Victimhood is defined in negative terms: “the condition of having been hurt, damaged, or made to suffer.” Yet humans have evolved to empathize with the suffering of others, and to provide assistance so as to eliminate or compensate for that suffering. Consequently, signaling suffering to others can be an effective strategy for attaining resources. Victims may receive attention, sympathy, and social status, as well as financial support and other benefits. And being a victim can generate certain kinds of power: It can justify the seeking of retribution, provide a sense of legitimacy or psychological standing to speak on certain issues, and may even confer moral impunity by minimizing blame for victims’ own wrongdoings.
Presumably, most victims would eagerly forego such benefits if they were able to free themselves of their plight. But when victimhood yields benefits, it incentivizes people to signal their victimhood to others or to exaggerate or even fake victimhood entirely. This is especially true in contexts that involve alleged psychic harms, and where appeals are made to third-parties, with the claimed damage often being invisible, unverifiable, and based exclusively on self-reports. Such circumstances allow unscrupulous people to take advantage of the kindness and sympathy of others by co-opting victim status for personal gain. And so, people do.

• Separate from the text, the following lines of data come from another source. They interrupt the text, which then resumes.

Lemma contiguous_cons (b : {set T}) B : contiguous B ->
  (forall v i, i < size B -> v \in b -> v \in nth set0 B i -> v \in nth set0 B 0) ->
  contiguous (b :: B).
Proof.
move=> C H v [|i] [|j] [|k] //= hij hjk hk; last by apply: (C v i j k).
by move=> vb vk; apply: (C v 0 j k) => //; apply: (H v k).
Qed.

Lemma contiguous_rev B : contiguous B -> contiguous (rev B).
Proof.
move=> C v i j k hij hjk; rewrite size_rev => hk.
rewrite !nth_rev; try lia; move=> vi vk.
by apply: (C v (size B - k.+1) (size B - j.+1) (size B - i.+1)) => //; lia.
Qed.

Lemma contiguous_cat A B : contiguous A -> contiguous B ->
  (forall v i j, i < size A -> j < size B -> v \in nth set0 A i -> v \in nth set0 B j ->
     (v \in nth set0 A (size A).-1) /\ (v \in nth set0 B 0)) -> contiguous (A ++ B).
Proof.
move=> CA CB H v i j k hij hjk; rewrite size_cat => hk; rewrite !nth_cat.
case: (ltnP k (size A)) => hkA.
  by rewrite (_ : i < size A) 1?(_ : j < size A); [apply: CA | lia | lia].
case: (ltnP i (size A)) => hiA vi vk.
  have [vA vB] := H v i (k - size A) hiA (ltac:(lia)) vi vk.
  case: ifP => hjA; first by apply: (CA v i j (size A).-1) => //; lia.
  by apply: (CB v 0 (j - size A) (k - size A)) => //; lia.
rewrite (_ : j < size A = false); last by lia.
by apply: (CB v (i - size A) (j - size A) (k - size A)) => //; lia.
Qed.

Variables (e : rel T) (B : seq {set T}).
Hypothesis B_dec : path_decomposition e B.

Lemma edge_in_bag x y : e x y ->
  exists2 i, i < size B & (x \in nth set0 B i) && (y \in nth set0 B i).
Proof.
by case: B_dec => cov _ /cov [b bB xyb]; exists (index b B); rewrite ?index_mem ?nth_index.
Qed.

(* Helly property of subpaths: pairwise intersecting intervals of bags meet. *)
Lemma triangle_in_bag x y z : e x y -> e y z -> e x z -> exists2 i, i < size B &
  [&& x \in nth set0 B i, y \in nth set0 B i & z \in nth set0 B i].
Proof.
have C : contiguous B by case: B_dec.
move=> /edge_in_bag [i1 s1 /andP [x1 y1]] /edge_in_bag [i2 s2 /andP [y2 z2]].
move=> /edge_in_bag [i3 s3 /andP [x3 z3]].
have : [|| (i1 <= i2 <= i3) || (i3 <= i2 <= i1), (i2 <= i1 <= i3) || (i3 <= i1 <= i2)
         | (i1 <= i3 <= i2) || (i2 <= i3 <= i1)] by lia.
case/or3P => h.
- by exists i2; rewrite // y2 z2 (contiguous_between C h s1 s3 x1 x3).
- by exists i1; rewrite // x1 y1 (contiguous_between C h s2 s3 z2 z3).
- by exists i3; rewrite // x3 z3 (contiguous_between C h s1 s2 y1 y2).
Qed.

(* The 3-sun: a triangle [a w b] with an ear on each side.  Each of the four
   triangles lies in a bag; some ear's bag lies between the central bag and
   another ear's bag, so it also holds the third central vertex. *)
Lemma width2_no_sun a w b x y z : (forall c, c \in B -> #|c| <= 3) ->
  e a w -> e w b -> e a b -> e a x -> e x w -> e w y -> e y b -> e a z -> e z b ->
  ~~ uniq [:: a; w; b; x; y; z].
Proof.
move=> width eaw ewb eab eax exw ewy eyb eaz ezb; apply/negP => u.
have C : contiguous B by case: B_dec.
have bag3 i u1 u2 u3 u4 : i < size B -> u1 \in nth set0 B i -> u2 \in nth set0 B i ->
    u3 \in nth set0 B i -> u4 \in nth set0 B i -> ~~ uniq [:: u1; u2; u3; u4].
  by move=> hi; apply: card_le3_uniq4; apply/width/mem_nth.
have [t0 s0 /and3P [a0 w0 b0]] := triangle_in_bag eaw ewb eab.
have [t1 s1 /and3P [a1 x1 w1]] := triangle_in_bag eax exw eaw.
have [t2 s2 /and3P [w2 y2 b2]] := triangle_in_bag ewy eyb ewb.
have [t3 s3 /and3P [a3 z3 b3]] := triangle_in_bag eaz ezb eab.
move: u; rewrite /= !inE !negb_or.
move=> /and5P [/and5P [aw ab ax ay az] /and4P [wb wx wy wz] /and3P [bx byy bz] /andP [xy xz] _].
have d1 : t0 != t1.
  apply/eqP => t01; subst t1; apply/negP: (bag3 _ _ _ _ _ s0 a0 w0 b0 x1).
  by rewrite /= !inE !negb_or aw ab ax wb wx bx.
have d2 : t0 != t2.
  apply/eqP => t02; subst t2; apply/negP: (bag3 _ _ _ _ _ s0 a0 w0 b0 y2).
  by rewrite /= !inE !negb_or aw ab ay wb wy byy.
have d3 : t0 != t3.
  apply/eqP => t03; subst t3; apply/negP: (bag3 _ _ _ _ _ s0 a0 w0 b0 z3).
  by rewrite /= !inE !negb_or aw ab az wb wz bz.
have : [|| ((t0 <= t1 <= t2) || (t2 <= t1 <= t0)) || ((t0 <= t1 <= t3) || (t3 <= t1 <= t0)),
           ((t0 <= t2 <= t1) || (t1 <= t2 <= t0)) || ((t0 <= t2 <= t3) || (t3 <= t2 <= t0))
         | ((t0 <= t3 <= t1) || (t1 <= t3 <= t0)) || ((t0 <= t3 <= t2) || (t2 <= t3 <= t0))].
  by clear -d1 d2 d3; lia.
case/or3P => /orP h.
- have b1 : b \in nth set0 B t1.
    by case: h => h; [apply: (contiguous_between C h s0 s2) |
                      apply: (contiguous_between C h s0 s3)].
  apply/negP: (bag3 _ _ _ _ _ s1 a1 w1 x1 b1).
  by rewrite /= !inE !negb_or aw ax ab wx wb (eq_sym x b) bx.
- have a2 : a \in nth set0 B t2.
    by case: h => h; [apply: (contiguous_between C h s0 s1) |
                      apply: (contiguous_between C h s0 s3)].
  apply/negP: (bag3 _ _ _ _ _ s2 w2 b2 y2 a2).
  by rewrite /= !inE !negb_or wb wy (eq_sym w a) aw byy (eq_sym b a) ab (eq_sym y a) ay.
- have w3 : w \in nth set0 B t3.
    by case: h => h; [apply: (contiguous_between C h s0 s1) |
                      apply: (contiguous_between C h s0 s2)].
  apply/negP: (bag3 _ _ _ _ _ s3 a3 b3 z3 w3).
  by rewrite /= !inE !negb_or ab az aw bz (eq_sym b w) wb (eq_sym z w) wz.
Qed.

End PathDecomposition.

Section Rotation.
Variables (T : finType) (e : rel T).
Local Notation n := #|T|.

Definition rotate (p : T -> 'I_n) (r : nat) (x : T) : 'I_n := iter r (@ordS n) (p x).

Lemma rotateE p r x : nat_of_ord (rotate p r x) = (p x + r) %% n.
Proof.
rewrite /rotate; elim: r => [|r IH] /=; first by rewrite addn0 modn_small.
by rewrite IH -addn1 modnDml addn1 addnS.
Qed.

Lemma cross_ordS (p : T -> 'I_n) x y u v :
  injective p -> cross (fun z => ordS (p z)) x y u v = cross p x y u v.
Proof.
move=> p_inj; rewrite /cross /=.
have pos_neq a b : (a != b) = (nat_of_ord (p a) != p b) by rewrite -(inj_eq p_inj).
case: (boolP (x != u)) => //= xu; case: (boolP (x != v)) => //= xv.
case: (boolP (y != u)) => //= yu; case: (boolP (y != v)) => //= yv.
case: (eqVneq x y) => [-> | xy]; first by rewrite /btw; lia.
case: (eqVneq u v) => [-> | uv]; first by rewrite !eqxx.
by apply: btw_succ_mod; rewrite ?ltn_ord // -?pos_neq // eq_sym.
Qed.

Lemma ordS_placement p :
  outerplanar_placement e p -> outerplanar_placement e (fun x => ordS (p x)).
Proof.
case=> p_inj [nocross maximal]; split; first exact: inj_comp (@ordS_inj n) p_inj.
split=> [x y u v exy euv | x y xy nexy]; first by rewrite cross_ordS //; apply: nocross.
by have [u [v [euv cr]]] := maximal x y xy nexy; exists u, v; rewrite cross_ordS.
Qed.

Lemma rotate_placement p r : outerplanar_placement e p -> outerplanar_placement e (rotate p r).
Proof. by move=> pP; elim: r => // r; apply: ordS_placement. Qed.

End Rotation.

Newly published research indicates that people who more frequently signal their victimhood (whether real, exaggerated, or false) are more likely to lie and cheat for material gain and denigrate others as a means to get ahead. Victimhood signaling is associated with numerous morally undesirable personality traits, such as narcissism, Machiavellianism (willingness to manipulate and exploit others for self-benefit), a sense of entitlement, and lower honesty and humility.